How to complete this task - Please copy out all lines of the entries that contain the word "Section".

Items listed in a dataset:
══════════════════════════════

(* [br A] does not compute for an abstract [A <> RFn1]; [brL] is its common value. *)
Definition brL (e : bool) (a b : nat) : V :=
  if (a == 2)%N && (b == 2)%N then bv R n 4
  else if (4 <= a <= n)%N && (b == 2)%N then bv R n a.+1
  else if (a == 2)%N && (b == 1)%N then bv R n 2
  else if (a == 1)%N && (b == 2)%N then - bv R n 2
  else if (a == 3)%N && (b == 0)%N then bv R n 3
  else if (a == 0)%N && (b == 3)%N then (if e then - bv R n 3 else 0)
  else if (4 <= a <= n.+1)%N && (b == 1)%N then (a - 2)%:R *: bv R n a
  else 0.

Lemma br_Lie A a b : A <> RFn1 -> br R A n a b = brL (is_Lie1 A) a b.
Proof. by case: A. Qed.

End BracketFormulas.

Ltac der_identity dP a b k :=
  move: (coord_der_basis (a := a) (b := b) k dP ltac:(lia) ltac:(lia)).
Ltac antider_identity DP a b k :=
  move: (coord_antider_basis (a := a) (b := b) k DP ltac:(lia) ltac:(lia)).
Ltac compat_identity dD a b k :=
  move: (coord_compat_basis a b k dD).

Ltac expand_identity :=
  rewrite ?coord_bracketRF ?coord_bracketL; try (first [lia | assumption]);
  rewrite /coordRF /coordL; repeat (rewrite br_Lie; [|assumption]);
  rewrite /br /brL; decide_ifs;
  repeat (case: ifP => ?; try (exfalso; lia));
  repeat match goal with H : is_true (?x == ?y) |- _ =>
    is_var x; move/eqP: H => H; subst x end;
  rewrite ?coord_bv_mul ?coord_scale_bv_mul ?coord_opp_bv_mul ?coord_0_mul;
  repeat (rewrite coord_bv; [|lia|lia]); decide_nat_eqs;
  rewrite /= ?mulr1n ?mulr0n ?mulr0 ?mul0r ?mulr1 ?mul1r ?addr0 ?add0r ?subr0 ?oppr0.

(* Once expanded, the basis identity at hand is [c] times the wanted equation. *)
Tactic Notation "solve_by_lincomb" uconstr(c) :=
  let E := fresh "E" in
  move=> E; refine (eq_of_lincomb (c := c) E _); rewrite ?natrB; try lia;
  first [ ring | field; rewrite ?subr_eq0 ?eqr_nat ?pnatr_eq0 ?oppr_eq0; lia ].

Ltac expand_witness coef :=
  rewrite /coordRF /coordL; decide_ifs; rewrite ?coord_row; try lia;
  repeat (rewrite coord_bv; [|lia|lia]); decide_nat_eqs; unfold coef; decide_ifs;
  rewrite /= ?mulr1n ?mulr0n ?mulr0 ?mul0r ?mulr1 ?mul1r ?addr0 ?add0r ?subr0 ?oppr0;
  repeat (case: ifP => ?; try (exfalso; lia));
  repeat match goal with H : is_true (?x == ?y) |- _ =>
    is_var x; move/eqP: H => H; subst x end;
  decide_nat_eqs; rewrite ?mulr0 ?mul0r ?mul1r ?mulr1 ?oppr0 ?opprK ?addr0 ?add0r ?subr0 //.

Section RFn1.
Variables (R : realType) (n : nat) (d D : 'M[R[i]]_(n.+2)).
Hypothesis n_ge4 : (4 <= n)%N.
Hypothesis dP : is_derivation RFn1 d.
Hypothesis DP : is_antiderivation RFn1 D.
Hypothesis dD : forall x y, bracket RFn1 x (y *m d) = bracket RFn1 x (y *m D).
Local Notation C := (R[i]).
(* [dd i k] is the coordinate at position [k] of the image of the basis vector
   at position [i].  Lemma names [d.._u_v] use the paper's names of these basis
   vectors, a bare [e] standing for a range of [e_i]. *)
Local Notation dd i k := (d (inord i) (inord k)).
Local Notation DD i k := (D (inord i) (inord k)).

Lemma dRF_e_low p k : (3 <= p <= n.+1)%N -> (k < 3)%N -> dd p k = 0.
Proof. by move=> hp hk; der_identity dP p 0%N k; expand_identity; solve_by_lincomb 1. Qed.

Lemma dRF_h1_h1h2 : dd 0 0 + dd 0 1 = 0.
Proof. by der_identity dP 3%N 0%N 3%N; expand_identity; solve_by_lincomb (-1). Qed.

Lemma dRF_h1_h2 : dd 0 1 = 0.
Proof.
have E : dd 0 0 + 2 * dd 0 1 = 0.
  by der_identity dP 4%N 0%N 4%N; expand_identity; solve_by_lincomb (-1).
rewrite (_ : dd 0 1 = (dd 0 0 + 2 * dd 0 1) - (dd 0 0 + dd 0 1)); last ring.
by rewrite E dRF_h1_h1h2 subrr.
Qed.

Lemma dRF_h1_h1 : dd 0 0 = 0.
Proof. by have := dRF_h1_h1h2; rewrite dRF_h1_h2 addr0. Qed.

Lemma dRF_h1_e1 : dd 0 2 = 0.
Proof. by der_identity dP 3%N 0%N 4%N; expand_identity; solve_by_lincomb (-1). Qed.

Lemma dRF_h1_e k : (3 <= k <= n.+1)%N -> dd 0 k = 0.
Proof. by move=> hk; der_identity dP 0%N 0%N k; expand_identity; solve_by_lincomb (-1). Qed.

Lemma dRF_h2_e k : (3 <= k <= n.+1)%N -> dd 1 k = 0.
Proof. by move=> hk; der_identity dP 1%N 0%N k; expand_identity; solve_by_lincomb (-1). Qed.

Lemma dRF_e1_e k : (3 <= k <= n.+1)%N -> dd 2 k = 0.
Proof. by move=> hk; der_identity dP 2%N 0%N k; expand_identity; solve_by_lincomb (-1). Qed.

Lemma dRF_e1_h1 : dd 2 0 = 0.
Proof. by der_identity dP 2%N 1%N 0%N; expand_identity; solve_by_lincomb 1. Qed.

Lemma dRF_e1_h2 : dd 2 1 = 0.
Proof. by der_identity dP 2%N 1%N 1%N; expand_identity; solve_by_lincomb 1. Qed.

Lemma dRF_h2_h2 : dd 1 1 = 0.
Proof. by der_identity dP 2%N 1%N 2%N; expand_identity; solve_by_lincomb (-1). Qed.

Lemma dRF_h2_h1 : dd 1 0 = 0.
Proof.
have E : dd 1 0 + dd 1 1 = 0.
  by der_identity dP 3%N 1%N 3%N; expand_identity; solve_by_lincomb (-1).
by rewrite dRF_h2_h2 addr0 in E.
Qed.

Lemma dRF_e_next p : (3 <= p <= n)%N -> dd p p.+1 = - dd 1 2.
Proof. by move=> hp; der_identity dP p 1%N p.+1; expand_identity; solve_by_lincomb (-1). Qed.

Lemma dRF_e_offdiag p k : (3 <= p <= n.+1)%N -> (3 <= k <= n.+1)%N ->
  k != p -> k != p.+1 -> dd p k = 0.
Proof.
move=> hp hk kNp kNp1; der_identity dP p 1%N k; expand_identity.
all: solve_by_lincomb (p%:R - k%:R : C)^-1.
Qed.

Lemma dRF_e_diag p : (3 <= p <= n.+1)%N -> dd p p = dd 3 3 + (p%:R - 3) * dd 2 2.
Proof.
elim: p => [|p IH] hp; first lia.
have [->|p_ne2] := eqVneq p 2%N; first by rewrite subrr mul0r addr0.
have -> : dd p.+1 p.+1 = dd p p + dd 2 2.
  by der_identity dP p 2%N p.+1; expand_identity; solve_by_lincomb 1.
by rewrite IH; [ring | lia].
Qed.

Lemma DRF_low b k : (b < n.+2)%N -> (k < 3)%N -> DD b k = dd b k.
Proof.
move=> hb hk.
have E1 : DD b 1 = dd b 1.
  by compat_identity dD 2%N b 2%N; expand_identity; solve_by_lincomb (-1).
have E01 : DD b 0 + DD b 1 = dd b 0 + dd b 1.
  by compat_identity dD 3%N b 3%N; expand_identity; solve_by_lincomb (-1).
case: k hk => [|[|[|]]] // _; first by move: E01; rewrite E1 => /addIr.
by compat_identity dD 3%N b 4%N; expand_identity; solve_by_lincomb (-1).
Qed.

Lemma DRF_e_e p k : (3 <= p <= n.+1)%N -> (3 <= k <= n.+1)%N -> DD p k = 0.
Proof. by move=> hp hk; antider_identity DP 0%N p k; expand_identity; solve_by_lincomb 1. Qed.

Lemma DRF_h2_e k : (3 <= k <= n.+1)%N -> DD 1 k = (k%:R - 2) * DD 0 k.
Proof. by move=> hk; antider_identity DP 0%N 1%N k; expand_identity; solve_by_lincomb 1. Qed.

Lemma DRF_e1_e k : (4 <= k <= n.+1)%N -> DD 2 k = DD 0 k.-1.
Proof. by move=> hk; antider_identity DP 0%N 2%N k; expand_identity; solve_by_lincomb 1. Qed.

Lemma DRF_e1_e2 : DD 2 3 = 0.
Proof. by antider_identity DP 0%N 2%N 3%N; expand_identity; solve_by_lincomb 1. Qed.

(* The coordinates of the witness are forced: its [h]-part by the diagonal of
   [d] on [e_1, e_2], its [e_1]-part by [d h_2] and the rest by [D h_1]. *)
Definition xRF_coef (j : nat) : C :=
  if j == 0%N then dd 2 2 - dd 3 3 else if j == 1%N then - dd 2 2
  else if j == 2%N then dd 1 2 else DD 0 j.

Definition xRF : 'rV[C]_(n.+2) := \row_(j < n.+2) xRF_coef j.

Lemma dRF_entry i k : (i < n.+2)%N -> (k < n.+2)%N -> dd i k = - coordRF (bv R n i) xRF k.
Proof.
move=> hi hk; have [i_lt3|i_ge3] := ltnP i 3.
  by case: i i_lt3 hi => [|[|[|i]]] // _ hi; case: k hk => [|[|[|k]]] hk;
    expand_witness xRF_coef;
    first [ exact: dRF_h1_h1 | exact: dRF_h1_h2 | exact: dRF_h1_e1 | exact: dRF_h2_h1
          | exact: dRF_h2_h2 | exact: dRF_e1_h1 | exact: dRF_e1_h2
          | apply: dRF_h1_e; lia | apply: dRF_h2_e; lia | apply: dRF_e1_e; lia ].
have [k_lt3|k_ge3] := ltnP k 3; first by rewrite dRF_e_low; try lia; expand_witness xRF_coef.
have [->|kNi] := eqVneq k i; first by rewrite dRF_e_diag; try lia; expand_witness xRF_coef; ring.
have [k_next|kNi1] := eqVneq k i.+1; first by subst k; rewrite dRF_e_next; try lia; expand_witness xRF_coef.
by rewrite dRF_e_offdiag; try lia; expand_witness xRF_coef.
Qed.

══════════════════════════════

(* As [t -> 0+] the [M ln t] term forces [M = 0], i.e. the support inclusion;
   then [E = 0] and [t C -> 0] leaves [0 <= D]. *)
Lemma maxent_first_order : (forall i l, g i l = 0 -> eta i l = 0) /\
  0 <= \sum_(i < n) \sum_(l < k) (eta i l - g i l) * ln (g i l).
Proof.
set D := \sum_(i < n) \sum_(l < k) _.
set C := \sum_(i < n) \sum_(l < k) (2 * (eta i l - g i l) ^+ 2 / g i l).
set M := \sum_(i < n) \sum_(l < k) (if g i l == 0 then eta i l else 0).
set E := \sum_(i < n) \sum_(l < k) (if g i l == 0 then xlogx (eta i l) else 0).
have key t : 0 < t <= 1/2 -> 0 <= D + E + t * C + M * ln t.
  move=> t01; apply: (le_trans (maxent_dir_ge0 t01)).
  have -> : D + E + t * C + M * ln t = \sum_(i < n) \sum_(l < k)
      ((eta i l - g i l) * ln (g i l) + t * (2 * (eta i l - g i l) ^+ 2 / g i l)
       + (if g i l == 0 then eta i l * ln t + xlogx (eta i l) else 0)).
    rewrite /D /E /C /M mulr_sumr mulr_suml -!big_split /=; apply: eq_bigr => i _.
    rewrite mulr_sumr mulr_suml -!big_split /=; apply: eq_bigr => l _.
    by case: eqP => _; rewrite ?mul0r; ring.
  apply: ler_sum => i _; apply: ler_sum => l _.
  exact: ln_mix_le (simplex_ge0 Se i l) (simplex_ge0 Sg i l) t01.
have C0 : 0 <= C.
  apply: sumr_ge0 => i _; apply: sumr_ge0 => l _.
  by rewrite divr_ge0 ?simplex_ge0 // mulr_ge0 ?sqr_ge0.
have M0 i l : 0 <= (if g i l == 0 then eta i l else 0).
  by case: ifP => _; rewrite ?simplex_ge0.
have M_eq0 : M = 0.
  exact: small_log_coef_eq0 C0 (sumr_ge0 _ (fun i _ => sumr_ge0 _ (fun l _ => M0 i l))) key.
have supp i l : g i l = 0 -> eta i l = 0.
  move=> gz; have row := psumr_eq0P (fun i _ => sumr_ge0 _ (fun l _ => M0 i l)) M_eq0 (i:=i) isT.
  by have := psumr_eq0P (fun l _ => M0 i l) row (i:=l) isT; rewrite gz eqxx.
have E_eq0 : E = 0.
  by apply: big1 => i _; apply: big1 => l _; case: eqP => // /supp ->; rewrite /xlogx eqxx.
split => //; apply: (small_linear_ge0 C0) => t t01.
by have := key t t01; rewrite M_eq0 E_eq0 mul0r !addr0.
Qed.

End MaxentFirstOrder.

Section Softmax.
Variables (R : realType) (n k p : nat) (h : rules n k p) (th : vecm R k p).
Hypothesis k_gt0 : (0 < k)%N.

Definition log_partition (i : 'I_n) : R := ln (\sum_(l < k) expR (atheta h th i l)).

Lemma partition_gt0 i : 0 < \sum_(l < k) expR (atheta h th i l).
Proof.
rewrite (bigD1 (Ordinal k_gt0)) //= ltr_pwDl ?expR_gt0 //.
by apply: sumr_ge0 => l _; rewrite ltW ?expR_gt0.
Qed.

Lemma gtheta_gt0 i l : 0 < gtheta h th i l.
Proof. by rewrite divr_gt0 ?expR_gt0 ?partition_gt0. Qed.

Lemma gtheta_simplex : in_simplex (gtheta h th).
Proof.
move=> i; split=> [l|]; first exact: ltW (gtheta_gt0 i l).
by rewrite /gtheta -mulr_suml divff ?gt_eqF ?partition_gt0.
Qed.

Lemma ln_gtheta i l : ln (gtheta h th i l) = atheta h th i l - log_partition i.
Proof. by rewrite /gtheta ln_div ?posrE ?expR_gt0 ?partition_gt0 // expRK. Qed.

══════════════════════════════

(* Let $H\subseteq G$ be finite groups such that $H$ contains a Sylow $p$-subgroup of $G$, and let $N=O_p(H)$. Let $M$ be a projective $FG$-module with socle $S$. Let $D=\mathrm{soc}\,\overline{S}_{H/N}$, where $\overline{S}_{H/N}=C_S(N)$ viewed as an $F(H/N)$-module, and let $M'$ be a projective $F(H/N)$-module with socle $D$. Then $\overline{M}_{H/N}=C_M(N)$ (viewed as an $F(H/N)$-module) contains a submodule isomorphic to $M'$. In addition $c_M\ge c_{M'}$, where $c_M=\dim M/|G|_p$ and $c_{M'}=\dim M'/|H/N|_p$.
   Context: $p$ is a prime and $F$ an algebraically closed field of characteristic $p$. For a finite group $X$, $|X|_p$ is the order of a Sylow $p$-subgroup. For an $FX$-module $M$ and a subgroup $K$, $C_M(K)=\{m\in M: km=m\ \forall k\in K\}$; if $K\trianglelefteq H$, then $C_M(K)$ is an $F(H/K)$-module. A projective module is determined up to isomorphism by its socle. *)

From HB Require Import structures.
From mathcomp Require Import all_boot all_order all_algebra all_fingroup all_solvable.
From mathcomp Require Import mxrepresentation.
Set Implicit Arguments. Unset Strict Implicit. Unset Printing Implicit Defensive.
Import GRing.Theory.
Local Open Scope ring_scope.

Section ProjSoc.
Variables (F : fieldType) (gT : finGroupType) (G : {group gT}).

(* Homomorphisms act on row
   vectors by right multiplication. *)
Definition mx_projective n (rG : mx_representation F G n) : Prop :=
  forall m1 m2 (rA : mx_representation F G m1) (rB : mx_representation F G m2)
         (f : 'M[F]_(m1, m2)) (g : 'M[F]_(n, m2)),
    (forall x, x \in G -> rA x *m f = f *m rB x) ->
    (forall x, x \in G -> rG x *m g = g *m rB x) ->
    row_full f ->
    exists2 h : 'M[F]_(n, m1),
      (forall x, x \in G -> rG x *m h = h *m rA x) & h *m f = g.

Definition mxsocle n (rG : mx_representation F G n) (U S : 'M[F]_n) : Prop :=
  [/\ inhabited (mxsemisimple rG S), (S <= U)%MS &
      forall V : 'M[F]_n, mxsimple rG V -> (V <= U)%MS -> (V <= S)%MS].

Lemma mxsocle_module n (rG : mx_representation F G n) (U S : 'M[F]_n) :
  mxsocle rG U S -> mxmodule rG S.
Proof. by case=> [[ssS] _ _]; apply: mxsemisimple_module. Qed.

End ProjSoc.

══════════════════════════════

Answer to this exercise -
Section RFn1.
Section Softmax.
Section ProjSoc.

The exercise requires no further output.